= Beginning of Section =

(* Consider the online optimization problem with multi-step memory cost described in the context. Assume that for every $t$ the hitting cost $f(\cdot,y_t):\mathcal X\to\mathbb R$ is $\alpha$-polyhedral for some $\alpha>0$, and let $\beta=\sum_{i=1}^q\|C_i\|$, where $\|C_i\|$ is the matrix norm induced by the $l_p$ vector norm. Then the algorithm Robust, which chooses $x_t=\arg\min_{x\in\mathcal X}f(x,y_t)$ for every $t=1,\dots,T$, satisfies for every input $\bm s$ $$\mathrm{cost}(\mathrm{Robust},\bm s)\le \max\!\left(\tfrac{\beta+1}{\alpha},1\right)\mathrm{cost}(\mathrm{OPT},\bm s).$$
   Context: Problem: Let $\mathcal X\subseteq\mathbb R^d$, $\mathcal Y\subseteq\mathbb R^m$, $f:\mathcal X\times\mathcal Y\to[0,\infty)$, $\|\cdot\|$ the $l_p$ norm on $\mathbb R^d$ ($p\ge1$), a memory length $q\ge1$ and matrices $C_1,\dots,C_q\in\mathbb R^{d\times d}$. An instance $\bm s$ consists of given initial actions $x_{1-q},\dots,x_0\in\mathcal X$ (shared by all algorithms) and contexts $y_1,\dots,y_T\in\mathcal Y$. At each step $t$ the context $y_t$ is revealed and an online algorithm irrevocably chooses $x_t\in\mathcal X$. The memory cost is $d(x_t,x_{t-q:t-1})=\|x_t-\sum_{i=1}^q C_i x_{t-i}\|$ and the total cost of an algorithm is $\sum_{t=1}^T f(x_t,y_t)+d(x_t,x_{t-q:t-1})$. $\mathrm{cost}(\mathrm{OPT},\bm s)$ is the optimal offline cost, i.e. the infimum of this total cost over all $x_1,\dots,x_T\in\mathcal X$ with all contexts known in advance. $\alpha$-polyhedral: $f(\cdot,y)$ has a unique minimizer $x^*\in\mathcal X$ and $f(x,y)-f(x^*,y)\ge\alpha\|x-x^*\|$ for all $x\in\mathcal X$. *)

From HB Require Import structures.
From mathcomp Require Import all_boot all_order all_algebra.
From mathcomp Require Import all_classical all_reals all_analysis.
Set Implicit Arguments. Unset Strict Implicit. Unset Printing Implicit Defensive.
Import Order.TTheory GRing.Theory Num.Theory.
Local Open Scope classical_set_scope.
Local Open Scope ring_scope.

Definition lpnorm (R : realType) (d : nat) (p : R) (x : 'cV[R]_d) : R :=
  (\sum_(i < d) `|x i 0| `^ p) `^ p^-1.

Definition opnorm (R : realType) (d : nat) (p : R) (A : 'M[R]_d) : R :=
  sup [set lpnorm p (A *m x) | x in [set x : 'cV[R]_d | lpnorm p x <= 1]].

(* Trajectories are indexed by integers: x t is the action at time t,
   times 1-q..0 hold the given initial actions.  C i (i : 'I_q) stands for C_{i+1}. *)
Definition memcost (R : realType) (d q : nat) (p : R) (C : 'I_q -> 'M[R]_d)
  (x : int -> 'cV[R]_d) (t : int) : R :=
  lpnorm p (x t - \sum_(i < q) C i *m x (t - (i.+1)%:Z)).

Definition total_cost (R : realType) (d m q : nat) (p : R)
  (f : 'cV[R]_d -> 'cV[R]_m -> R) (C : 'I_q -> 'M[R]_d)
  (y : nat -> 'cV[R]_m) (T : nat) (x : int -> 'cV[R]_d) : R :=
  \sum_(1 <= t < T.+1) (f (x t%:Z) (y t) + memcost p C x t%:Z).

Definition admissible (R : realType) (d q : nat) (X : set 'cV[R]_d)
  (x0 : int -> 'cV[R]_d) (T : nat) (x : int -> 'cV[R]_d) : Prop :=
  (forall t : int, 1 - q%:Z <= t <= 0 -> x t = x0 t) /\
  (forall t : nat, (1 <= t <= T)%N -> X (x t%:Z)).

Definition opt_cost (R : realType) (d m q : nat) (p : R) (X : set 'cV[R]_d)
  (f : 'cV[R]_d -> 'cV[R]_m -> R) (C : 'I_q -> 'M[R]_d)
  (x0 : int -> 'cV[R]_d) (y : nat -> 'cV[R]_m) (T : nat) : R :=
  inf [set total_cost p f C y T x | x in @admissible R d q X x0 T].

Definition is_minimizer (R : realType) (d m : nat) (X : set 'cV[R]_d)
  (f : 'cV[R]_d -> 'cV[R]_m -> R) (y : 'cV[R]_m) (xs : 'cV[R]_d) : Prop :=
  X xs /\ (forall x, X x -> f xs y <= f x y).

Definition polyhedral (R : realType) (d m : nat) (p : R) (X : set 'cV[R]_d)
  (f : 'cV[R]_d -> 'cV[R]_m -> R) (y : 'cV[R]_m) (alpha : R) : Prop :=
  exists xs, is_minimizer X f y xs /\
    (forall x', is_minimizer X f y x' -> x' = xs) /\
    (forall x, X x -> alpha * lpnorm p (x - xs) <= f x y - f xs y).

From HB Require Import structures.
From mathcomp Require Import all_boot all_order all_algebra.
From mathcomp Require Import all_classical all_reals all_analysis.
From mathcomp Require Import ring lra zify.
Import Order.TTheory GRing.Theory Num.Theory.
Local Open Scope classical_set_scope.
Local Open Scope ring_scope.

(* Compare Robust with an arbitrary admissible trajectory x and put e_t = ||x_t - xr_t||.
   Polyhedrality gives alpha e_t <= f(x_t, y_t) - f(xr_t, y_t), and the triangle inequality
   gives memcost(xr, t) <= e_t + memcost(x, t) + sum_i ||C_i|| e_(t-i).  As e vanishes on the
   shared initial actions, summing over t bounds the memory cost of Robust by that of x plus
   (1 + beta) sum_t e_t <= ((1 + beta) / alpha) (hitting cost of x - hitting cost of Robust). *)

Definition lpsum (R : realType) (d : nat) (p : R) (x : 'cV[R]_d) : R :=
  \sum_(i < d) `|x i 0| `^ p.
Arguments lpsum {R d} p x.

Section LpNorm.
Context {R : realType} {d : nat} {p : R} (p_ge1 : 1 <= p).
Implicit Types (x u v : 'cV[R]_d) (A : 'M[R]_d).

Let p_gt0 : 0 < p. Proof. exact: lt_le_trans p_ge1. Qed.
Let p_neq0 : p != 0. Proof. exact: lt0r_neq0. Qed.

Lemma powRK (a : R) : 0 <= a -> (a `^ p) `^ p^-1 = a.
Proof. by move=> a0; rewrite -powRrM mulfV // powRr1. Qed.

Lemma powRVK (a : R) : 0 <= a -> (a `^ p^-1) `^ p = a.
Proof. by move=> a0; rewrite -powRrM mulVf // powRr1. Qed.

Lemma lpsum_ge0 x : 0 <= lpsum p x.
Proof. by apply: sumr_ge0 => i _; apply: powR_ge0. Qed.

Lemma lpnorm_ge0 x : 0 <= lpnorm p x.
Proof. exact: powR_ge0. Qed.

Lemma lpsumE x : lpsum p x = lpnorm p x `^ p.
Proof. by rewrite powRVK ?lpsum_ge0. Qed.

Lemma lpnorm_le1 x : lpsum p x <= 1 -> lpnorm p x <= 1.
Proof.
move=> le1; have := @ge0_ler_powR _ p^-1 _ (lpsum p x) 1.
by rewrite powR1; apply; rewrite ?invr_ge0 ?nnegrE ?lpsum_ge0 ?(ltW p_gt0).
Qed.

Lemma lpnorm_coord x i : `|x i 0| <= lpnorm p x.
Proof.
rewrite -[leLHS](powRK _ (normr_ge0 (x i 0))).
apply: ge0_ler_powR; rewrite ?invr_ge0 ?nnegrE ?powR_ge0 ?lpsum_ge0 ?(ltW p_gt0) //.
rewrite /lpsum (bigD1 i) //= lerDl; by apply: sumr_ge0 => j _; apply: powR_ge0.
Qed.

Lemma lpnorm_eq0 x : lpnorm p x = 0 -> x = 0.
Proof.
move=> x0; apply/matrixP => i j; rewrite (ord1 j) mxE.
by apply/eqP; rewrite -normr_le0 -x0 lpnorm_coord.
Qed.

Lemma lpnormZ c x : lpnorm p (c *: x) = `|c| * lpnorm p x.
Proof.
rewrite /lpnorm (eq_bigr (fun i => `|c| `^ p * `|x i 0| `^ p)); last first.
  by move=> i _; rewrite mxE normrM powRM.
by rewrite -mulr_sumr powRM ?powR_ge0 ?powRK //; exact: lpsum_ge0.
Qed.

Lemma lpnorm0 : lpnorm p (0 : 'cV[R]_d) = 0.
Proof. by rewrite -(scale0r 0) lpnormZ normr0 mul0r. Qed.

Lemma lpnormN x : lpnorm p (- x) = lpnorm p x.
Proof. by rewrite -scaleN1r lpnormZ normrN1 mul1r. Qed.

Lemma lpnormB x y : lpnorm p (x - y) = lpnorm p (y - x).
Proof. by rewrite -lpnormN opprB. Qed.

Lemma lpsum_convex (l : R) u v : 0 <= l <= 1 ->
  lpsum p (l *: u + (1 - l) *: v) <= l * lpsum p u + (1 - l) * lpsum p v.
Proof.
move=> /andP[l0 l1]; rewrite /lpsum !mulr_sumr -big_split /=.
apply: ler_sum => i _; rewrite !mxE.
apply: (@le_trans _ _ ((l * `|u i 0| + (1 - l) * `|v i 0|) `^ p)).
  apply: ge0_ler_powR; rewrite ?nnegrE ?(ltW p_gt0) ?addr_ge0 ?mulr_ge0 ?subr_ge0 //.
  have l'0 : 0 <= 1 - l by rewrite subr_ge0.
  by rewrite (le_trans (ler_normD _ _)) // !normrM (ger0_norm l0) (ger0_norm l'0).
have := convex_powR p_ge1 (Itv01 l0 l1) (x := `|u i 0|) (y := `|v i 0|).
by rewrite !inE /= !in_itv /= !andbT !normr_ge0 !convRE; apply.
Qed.

Lemma lpsum_normalize x : lpnorm p x != 0 -> lpsum p ((lpnorm p x)^-1 *: x) = 1.
Proof.
move=> x0; rewrite lpsumE lpnormZ ger0_norm ?invr_ge0 ?lpnorm_ge0 // mulVf //.
by rewrite powR1.
Qed.

(* Minkowski: [u + v] is [A + B] times a convex combination of the unit vectors [u / A] and [v / B]. *)
Lemma lpnormD u v : lpnorm p (u + v) <= lpnorm p u + lpnorm p v.
Proof.
have [/lpnorm_eq0->|A0] := eqVneq (lpnorm p u) 0; first by rewrite add0r lpnorm0 add0r.
have [/lpnorm_eq0->|B0] := eqVneq (lpnorm p v) 0; first by rewrite addr0 lpnorm0 addr0.
move: A0 B0; move Ae : (lpnorm p u) => A A0; move Be : (lpnorm p v) => B B0.
have Agt0 : 0 < A by rewrite lt0r A0 -Ae lpnorm_ge0.
have Bgt0 : 0 < B by rewrite lt0r B0 -Be lpnorm_ge0.
have ABgt0 : 0 < A + B by rewrite addr_gt0.
set l := A / (A + B); set w := l *: (A^-1 *: u) + (1 - l) *: (B^-1 *: v).
have l01 : 0 <= l <= 1.
  by rewrite /l divr_ge0 ?(ltW Agt0) ?(ltW ABgt0) //= ler_pdivrMr // mul1r lerDl (ltW Bgt0).
have uvE : u + v = (A + B) *: w.
  rewrite /w scalerDr !scalerA.
  have -> : (A + B) * l / A = 1 by rewrite /l; field; rewrite !lt0r_neq0.
  have -> : (A + B) * (1 - l) / B = 1 by rewrite /l; field; rewrite !lt0r_neq0.
  by rewrite !scale1r.
have w_le1 : lpnorm p w <= 1.
  apply: lpnorm_le1; apply: le_trans (lpsum_convex _ _ _ l01) _.
  have := lpsum_normalize u; have := lpsum_normalize v; rewrite Ae Be => -> // -> //.
  by rewrite !mulr1 subrKC.
rewrite uvE lpnormZ ger0_norm ?(ltW ABgt0) // -[leRHS]mulr1.
by rewrite ler_wpM2l ?(ltW ABgt0).
Qed.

= End of Section =

[EXERCISE BRIEF]: Only the lines above from the line containing "by apply/eqP; rewrite" through the line containing "by move=> i _; rewrite mxE normrM powRM." should be retyped, exactly and with both ends included.

[SOLVED EXERCISE]:
by apply/eqP; rewrite -normr_le0 -x0 lpnorm_coord.
Qed.

Lemma lpnormZ c x : lpnorm p (c *: x) = `|c| * lpnorm p x.
Proof.
rewrite /lpnorm (eq_bigr (fun i => `|c| `^ p * `|x i 0| `^ p)); last first.
  by move=> i _; rewrite mxE normrM powRM.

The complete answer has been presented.